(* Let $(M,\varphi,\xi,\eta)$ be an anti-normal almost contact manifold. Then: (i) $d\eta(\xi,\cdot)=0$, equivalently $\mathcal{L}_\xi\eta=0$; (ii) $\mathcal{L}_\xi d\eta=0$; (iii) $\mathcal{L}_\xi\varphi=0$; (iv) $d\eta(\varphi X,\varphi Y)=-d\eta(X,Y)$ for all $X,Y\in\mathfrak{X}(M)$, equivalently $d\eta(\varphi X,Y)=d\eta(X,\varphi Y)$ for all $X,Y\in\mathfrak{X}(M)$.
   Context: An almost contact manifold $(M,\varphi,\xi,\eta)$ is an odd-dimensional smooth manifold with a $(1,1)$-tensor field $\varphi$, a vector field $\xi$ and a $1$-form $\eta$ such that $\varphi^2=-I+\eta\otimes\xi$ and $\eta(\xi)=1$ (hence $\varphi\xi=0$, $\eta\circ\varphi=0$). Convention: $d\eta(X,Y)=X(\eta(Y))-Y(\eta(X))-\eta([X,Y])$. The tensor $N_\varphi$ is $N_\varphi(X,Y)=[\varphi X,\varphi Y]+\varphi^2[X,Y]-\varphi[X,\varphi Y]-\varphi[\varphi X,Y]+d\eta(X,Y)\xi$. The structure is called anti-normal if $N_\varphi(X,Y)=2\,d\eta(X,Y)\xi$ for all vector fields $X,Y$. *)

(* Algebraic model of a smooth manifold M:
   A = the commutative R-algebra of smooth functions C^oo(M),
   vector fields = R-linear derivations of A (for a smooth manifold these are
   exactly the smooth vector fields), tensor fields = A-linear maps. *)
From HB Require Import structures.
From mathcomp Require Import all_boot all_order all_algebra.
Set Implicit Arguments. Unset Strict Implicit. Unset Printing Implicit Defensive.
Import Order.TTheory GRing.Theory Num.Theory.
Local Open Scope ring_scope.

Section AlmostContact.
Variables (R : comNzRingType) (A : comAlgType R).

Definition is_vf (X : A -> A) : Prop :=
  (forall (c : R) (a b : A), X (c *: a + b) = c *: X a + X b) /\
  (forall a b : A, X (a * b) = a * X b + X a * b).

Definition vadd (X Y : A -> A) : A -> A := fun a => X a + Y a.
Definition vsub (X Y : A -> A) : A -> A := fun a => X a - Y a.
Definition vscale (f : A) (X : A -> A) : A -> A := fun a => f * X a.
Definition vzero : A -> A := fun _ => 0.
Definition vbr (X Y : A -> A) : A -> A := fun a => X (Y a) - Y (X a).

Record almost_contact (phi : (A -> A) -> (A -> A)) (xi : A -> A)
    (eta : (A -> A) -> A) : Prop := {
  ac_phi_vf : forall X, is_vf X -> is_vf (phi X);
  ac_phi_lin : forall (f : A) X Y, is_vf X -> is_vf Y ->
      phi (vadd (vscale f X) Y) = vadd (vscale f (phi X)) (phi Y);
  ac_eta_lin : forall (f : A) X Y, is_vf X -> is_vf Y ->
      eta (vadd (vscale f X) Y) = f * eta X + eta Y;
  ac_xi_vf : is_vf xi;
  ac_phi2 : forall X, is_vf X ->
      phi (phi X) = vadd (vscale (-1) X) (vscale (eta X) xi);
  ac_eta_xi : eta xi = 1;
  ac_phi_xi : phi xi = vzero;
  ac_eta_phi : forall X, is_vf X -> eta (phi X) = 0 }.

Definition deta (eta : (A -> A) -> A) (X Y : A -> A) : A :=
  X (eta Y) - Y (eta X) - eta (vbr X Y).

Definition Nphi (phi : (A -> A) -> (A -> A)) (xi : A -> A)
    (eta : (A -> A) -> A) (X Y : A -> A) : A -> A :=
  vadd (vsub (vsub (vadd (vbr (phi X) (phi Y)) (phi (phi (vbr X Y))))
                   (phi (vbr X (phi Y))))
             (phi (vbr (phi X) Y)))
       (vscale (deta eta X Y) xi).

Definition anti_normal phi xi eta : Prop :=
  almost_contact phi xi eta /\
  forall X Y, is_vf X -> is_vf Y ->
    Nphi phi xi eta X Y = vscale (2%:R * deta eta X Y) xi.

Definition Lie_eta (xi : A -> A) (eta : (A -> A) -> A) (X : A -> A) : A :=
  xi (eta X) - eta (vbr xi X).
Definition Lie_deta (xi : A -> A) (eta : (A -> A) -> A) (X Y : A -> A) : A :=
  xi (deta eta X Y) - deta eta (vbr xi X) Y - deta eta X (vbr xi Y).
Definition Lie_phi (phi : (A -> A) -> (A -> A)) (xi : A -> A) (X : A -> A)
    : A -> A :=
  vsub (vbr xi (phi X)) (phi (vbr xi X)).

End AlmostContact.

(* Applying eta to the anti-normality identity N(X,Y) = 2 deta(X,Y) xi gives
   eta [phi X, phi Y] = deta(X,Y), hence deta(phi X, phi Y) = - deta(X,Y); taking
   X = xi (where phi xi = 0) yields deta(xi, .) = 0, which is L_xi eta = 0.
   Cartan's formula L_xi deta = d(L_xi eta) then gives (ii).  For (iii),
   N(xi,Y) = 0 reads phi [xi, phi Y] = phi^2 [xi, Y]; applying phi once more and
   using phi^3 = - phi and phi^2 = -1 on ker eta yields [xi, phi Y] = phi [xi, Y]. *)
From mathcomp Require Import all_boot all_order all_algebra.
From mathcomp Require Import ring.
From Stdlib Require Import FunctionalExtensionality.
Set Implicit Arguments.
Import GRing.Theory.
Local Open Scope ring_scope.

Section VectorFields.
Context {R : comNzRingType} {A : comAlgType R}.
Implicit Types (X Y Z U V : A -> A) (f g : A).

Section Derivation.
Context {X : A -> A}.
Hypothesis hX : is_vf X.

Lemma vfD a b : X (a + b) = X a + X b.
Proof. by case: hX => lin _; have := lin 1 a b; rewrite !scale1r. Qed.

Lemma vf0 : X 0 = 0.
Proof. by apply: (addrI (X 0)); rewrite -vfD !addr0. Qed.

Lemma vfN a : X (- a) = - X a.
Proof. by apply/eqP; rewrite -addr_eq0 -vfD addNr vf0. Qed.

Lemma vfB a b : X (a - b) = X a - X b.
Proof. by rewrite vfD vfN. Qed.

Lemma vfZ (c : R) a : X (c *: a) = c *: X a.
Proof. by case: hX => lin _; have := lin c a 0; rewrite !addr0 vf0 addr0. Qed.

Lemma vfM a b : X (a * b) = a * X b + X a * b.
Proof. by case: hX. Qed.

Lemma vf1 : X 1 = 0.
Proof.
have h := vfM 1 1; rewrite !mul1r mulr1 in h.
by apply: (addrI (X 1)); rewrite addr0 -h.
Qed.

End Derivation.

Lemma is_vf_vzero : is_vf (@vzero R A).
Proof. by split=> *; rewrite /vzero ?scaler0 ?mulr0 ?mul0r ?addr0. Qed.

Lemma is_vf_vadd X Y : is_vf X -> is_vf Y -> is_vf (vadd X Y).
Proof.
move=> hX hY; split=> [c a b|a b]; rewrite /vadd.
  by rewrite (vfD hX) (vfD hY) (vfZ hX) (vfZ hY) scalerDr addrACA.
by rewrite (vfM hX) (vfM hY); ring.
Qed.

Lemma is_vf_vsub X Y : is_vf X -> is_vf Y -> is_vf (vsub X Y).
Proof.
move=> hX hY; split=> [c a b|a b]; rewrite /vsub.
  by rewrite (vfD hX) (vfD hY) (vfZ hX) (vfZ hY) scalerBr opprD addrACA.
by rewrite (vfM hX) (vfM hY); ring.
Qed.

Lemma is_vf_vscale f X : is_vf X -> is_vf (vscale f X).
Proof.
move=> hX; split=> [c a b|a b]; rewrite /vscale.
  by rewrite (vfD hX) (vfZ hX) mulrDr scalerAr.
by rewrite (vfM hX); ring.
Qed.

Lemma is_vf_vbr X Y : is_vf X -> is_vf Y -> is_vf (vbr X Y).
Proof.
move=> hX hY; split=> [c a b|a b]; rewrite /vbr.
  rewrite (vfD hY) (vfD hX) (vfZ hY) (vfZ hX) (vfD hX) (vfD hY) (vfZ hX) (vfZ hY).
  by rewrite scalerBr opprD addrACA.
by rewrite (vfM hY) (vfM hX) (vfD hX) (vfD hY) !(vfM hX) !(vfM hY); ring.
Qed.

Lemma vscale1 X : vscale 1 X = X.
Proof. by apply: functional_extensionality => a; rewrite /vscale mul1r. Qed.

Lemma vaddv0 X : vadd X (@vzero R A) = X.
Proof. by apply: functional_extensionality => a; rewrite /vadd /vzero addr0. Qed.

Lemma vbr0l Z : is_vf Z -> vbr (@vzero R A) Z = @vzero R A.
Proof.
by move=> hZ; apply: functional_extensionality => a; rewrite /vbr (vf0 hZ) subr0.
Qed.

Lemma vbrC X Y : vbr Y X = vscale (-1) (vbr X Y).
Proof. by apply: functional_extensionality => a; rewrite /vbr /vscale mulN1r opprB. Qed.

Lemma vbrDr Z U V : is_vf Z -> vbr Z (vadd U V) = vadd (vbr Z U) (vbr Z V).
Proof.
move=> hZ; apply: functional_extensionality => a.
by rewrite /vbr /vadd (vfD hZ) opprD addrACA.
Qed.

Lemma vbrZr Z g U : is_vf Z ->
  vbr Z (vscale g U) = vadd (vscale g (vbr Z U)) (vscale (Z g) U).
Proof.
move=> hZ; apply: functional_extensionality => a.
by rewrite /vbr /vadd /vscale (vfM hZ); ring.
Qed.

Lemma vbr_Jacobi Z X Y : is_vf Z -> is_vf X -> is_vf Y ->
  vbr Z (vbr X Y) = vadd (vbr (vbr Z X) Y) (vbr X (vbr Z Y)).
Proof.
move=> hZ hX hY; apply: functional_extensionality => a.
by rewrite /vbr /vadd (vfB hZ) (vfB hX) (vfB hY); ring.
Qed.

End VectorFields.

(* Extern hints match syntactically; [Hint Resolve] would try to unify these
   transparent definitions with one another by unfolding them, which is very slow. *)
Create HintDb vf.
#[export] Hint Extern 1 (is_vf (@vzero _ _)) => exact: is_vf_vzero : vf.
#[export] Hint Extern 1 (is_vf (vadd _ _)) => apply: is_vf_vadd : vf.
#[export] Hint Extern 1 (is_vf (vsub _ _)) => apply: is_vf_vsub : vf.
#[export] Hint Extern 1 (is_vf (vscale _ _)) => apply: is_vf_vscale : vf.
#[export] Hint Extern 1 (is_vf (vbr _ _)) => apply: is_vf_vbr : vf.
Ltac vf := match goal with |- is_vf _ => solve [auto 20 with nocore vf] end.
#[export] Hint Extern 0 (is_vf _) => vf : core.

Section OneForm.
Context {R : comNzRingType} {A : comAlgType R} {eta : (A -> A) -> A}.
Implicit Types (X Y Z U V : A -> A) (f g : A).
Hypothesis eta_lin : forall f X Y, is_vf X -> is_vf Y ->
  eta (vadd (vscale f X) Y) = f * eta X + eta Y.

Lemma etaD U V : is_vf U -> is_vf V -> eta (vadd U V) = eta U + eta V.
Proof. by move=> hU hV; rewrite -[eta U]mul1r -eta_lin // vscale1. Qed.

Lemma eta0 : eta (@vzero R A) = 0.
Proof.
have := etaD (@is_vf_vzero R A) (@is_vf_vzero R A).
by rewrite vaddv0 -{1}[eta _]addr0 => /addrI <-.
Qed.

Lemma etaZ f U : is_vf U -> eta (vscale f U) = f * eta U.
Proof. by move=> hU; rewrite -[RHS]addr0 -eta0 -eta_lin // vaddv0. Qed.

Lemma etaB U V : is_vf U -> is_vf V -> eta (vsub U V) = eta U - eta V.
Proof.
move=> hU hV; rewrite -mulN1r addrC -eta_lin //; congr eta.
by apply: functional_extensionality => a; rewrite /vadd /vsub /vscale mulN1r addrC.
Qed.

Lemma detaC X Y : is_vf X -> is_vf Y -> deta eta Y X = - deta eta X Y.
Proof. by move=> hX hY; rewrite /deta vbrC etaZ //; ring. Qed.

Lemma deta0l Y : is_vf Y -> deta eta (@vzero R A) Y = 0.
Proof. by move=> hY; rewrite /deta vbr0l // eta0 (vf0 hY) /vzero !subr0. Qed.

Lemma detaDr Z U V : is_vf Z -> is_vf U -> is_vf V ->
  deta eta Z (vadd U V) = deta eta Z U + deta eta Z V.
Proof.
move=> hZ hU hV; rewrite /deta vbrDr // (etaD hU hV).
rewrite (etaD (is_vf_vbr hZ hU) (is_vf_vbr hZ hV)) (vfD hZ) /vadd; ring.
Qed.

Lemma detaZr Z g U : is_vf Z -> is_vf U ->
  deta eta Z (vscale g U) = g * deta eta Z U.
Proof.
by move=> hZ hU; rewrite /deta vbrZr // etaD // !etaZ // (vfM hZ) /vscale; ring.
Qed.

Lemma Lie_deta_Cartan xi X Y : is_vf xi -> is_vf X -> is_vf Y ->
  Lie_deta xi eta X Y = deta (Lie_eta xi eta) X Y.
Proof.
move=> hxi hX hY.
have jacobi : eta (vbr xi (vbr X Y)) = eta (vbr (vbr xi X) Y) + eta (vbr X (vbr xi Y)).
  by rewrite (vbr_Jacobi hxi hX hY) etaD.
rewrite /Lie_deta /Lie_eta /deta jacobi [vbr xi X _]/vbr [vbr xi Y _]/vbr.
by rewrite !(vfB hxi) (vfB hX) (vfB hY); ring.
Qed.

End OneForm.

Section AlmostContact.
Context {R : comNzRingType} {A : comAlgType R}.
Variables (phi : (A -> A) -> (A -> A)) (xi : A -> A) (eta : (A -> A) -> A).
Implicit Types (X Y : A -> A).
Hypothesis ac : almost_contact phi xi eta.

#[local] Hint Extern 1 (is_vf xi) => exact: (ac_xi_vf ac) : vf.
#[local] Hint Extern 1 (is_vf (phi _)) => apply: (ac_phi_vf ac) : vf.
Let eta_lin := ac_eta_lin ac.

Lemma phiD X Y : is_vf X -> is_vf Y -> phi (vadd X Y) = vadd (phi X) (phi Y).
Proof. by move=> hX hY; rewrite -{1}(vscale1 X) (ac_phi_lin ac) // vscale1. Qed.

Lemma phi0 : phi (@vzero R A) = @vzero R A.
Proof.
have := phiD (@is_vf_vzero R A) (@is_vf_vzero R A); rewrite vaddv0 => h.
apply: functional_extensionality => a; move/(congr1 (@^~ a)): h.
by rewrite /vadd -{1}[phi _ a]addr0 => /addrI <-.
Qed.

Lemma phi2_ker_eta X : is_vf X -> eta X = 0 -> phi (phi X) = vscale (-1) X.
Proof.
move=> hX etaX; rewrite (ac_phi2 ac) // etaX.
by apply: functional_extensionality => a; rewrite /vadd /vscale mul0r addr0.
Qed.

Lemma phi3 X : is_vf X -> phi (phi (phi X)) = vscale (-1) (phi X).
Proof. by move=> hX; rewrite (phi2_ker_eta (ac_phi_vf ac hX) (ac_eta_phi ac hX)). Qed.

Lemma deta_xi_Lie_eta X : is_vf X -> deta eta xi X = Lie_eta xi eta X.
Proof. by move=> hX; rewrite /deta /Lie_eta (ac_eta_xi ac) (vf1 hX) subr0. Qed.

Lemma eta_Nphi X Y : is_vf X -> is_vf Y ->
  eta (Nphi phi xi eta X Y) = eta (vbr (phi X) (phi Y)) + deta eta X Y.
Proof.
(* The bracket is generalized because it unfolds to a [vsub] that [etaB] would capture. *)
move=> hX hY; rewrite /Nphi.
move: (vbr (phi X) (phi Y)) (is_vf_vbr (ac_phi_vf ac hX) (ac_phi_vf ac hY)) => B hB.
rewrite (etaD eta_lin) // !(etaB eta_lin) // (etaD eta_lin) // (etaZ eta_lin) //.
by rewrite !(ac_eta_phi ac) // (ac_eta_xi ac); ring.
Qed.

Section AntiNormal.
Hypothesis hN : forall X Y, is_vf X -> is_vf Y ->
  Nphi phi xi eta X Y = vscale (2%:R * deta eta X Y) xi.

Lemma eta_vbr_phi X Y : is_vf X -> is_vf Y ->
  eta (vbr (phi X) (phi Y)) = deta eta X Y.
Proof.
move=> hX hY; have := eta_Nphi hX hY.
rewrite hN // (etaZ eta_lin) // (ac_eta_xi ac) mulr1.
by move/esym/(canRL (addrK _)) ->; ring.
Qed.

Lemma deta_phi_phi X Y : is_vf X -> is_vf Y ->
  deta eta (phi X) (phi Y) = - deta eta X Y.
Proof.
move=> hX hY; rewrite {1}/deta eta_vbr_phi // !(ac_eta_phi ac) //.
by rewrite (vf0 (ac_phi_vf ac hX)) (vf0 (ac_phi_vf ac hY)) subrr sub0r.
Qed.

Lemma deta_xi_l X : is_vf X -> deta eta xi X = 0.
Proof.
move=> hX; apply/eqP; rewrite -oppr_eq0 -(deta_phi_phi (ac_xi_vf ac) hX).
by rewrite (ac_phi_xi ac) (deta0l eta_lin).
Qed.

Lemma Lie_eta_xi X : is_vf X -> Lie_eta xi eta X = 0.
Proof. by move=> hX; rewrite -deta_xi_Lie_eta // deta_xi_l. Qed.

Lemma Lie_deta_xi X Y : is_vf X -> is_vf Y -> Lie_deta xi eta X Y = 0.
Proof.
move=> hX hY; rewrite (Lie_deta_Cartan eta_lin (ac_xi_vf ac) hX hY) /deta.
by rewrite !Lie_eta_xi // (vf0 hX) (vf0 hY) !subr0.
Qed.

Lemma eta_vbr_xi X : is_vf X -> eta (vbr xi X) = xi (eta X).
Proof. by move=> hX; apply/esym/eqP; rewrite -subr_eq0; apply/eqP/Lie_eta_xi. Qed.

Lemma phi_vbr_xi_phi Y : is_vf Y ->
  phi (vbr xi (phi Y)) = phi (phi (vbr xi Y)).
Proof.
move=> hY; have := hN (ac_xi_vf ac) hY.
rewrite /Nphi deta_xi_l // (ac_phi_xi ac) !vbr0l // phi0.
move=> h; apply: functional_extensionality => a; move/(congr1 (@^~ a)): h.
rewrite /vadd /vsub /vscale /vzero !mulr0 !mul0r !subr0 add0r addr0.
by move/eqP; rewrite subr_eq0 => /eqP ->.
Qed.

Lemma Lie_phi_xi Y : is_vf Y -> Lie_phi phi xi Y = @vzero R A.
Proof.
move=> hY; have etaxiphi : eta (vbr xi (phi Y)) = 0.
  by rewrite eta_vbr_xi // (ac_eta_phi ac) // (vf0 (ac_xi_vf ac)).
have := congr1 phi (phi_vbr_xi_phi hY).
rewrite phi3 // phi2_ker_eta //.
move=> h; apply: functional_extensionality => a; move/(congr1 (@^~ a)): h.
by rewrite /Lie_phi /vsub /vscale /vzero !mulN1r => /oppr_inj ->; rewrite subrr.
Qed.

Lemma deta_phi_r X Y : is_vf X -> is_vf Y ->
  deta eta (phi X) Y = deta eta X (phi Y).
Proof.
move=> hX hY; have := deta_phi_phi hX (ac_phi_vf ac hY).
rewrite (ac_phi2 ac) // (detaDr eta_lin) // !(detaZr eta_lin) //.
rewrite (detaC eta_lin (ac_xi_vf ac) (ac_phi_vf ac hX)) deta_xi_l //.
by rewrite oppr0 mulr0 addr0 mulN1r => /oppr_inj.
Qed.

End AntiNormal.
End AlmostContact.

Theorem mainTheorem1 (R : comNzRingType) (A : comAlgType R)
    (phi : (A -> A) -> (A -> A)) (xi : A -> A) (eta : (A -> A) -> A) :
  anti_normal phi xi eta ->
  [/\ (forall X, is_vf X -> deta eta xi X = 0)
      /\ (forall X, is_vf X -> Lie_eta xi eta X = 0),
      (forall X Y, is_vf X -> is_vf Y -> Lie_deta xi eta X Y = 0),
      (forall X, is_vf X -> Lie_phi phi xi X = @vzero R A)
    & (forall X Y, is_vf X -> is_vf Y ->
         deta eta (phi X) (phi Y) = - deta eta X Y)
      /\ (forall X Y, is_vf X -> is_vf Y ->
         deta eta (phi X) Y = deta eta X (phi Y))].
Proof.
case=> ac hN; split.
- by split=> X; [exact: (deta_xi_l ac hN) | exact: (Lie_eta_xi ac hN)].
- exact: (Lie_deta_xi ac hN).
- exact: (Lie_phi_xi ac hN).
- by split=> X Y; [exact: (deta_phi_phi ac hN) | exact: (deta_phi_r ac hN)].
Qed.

### EXERCISE OBJECTIVE
If a line comes after the one that contains "(forall a b", leave it out; return every line of the entries up to that point exactly, starting with the first, with that line included.

### ANSWER TO THE PROBLEM
(* Let $(M,\varphi,\xi,\eta)$ be an anti-normal almost contact manifold. Then: (i) $d\eta(\xi,\cdot)=0$, equivalently $\mathcal{L}_\xi\eta=0$; (ii) $\mathcal{L}_\xi d\eta=0$; (iii) $\mathcal{L}_\xi\varphi=0$; (iv) $d\eta(\varphi X,\varphi Y)=-d\eta(X,Y)$ for all $X,Y\in\mathfrak{X}(M)$, equivalently $d\eta(\varphi X,Y)=d\eta(X,\varphi Y)$ for all $X,Y\in\mathfrak{X}(M)$.
   Context: An almost contact manifold $(M,\varphi,\xi,\eta)$ is an odd-dimensional smooth manifold with a $(1,1)$-tensor field $\varphi$, a vector field $\xi$ and a $1$-form $\eta$ such that $\varphi^2=-I+\eta\otimes\xi$ and $\eta(\xi)=1$ (hence $\varphi\xi=0$, $\eta\circ\varphi=0$). Convention: $d\eta(X,Y)=X(\eta(Y))-Y(\eta(X))-\eta([X,Y])$. The tensor $N_\varphi$ is $N_\varphi(X,Y)=[\varphi X,\varphi Y]+\varphi^2[X,Y]-\varphi[X,\varphi Y]-\varphi[\varphi X,Y]+d\eta(X,Y)\xi$. The structure is called anti-normal if $N_\varphi(X,Y)=2\,d\eta(X,Y)\xi$ for all vector fields $X,Y$. *)

(* Algebraic model of a smooth manifold M:
   A = the commutative R-algebra of smooth functions C^oo(M),
   vector fields = R-linear derivations of A (for a smooth manifold these are
   exactly the smooth vector fields), tensor fields = A-linear maps. *)
From HB Require Import structures.
From mathcomp Require Import all_boot all_order all_algebra.
Set Implicit Arguments. Unset Strict Implicit. Unset Printing Implicit Defensive.
Import Order.TTheory GRing.Theory Num.Theory.
Local Open Scope ring_scope.

Section AlmostContact.
Variables (R : comNzRingType) (A : comAlgType R).

Definition is_vf (X : A -> A) : Prop :=
  (forall (c : R) (a b : A), X (c *: a + b) = c *: X a + X b) /\
  (forall a b : A, X (a * b) = a * X b + X a * b).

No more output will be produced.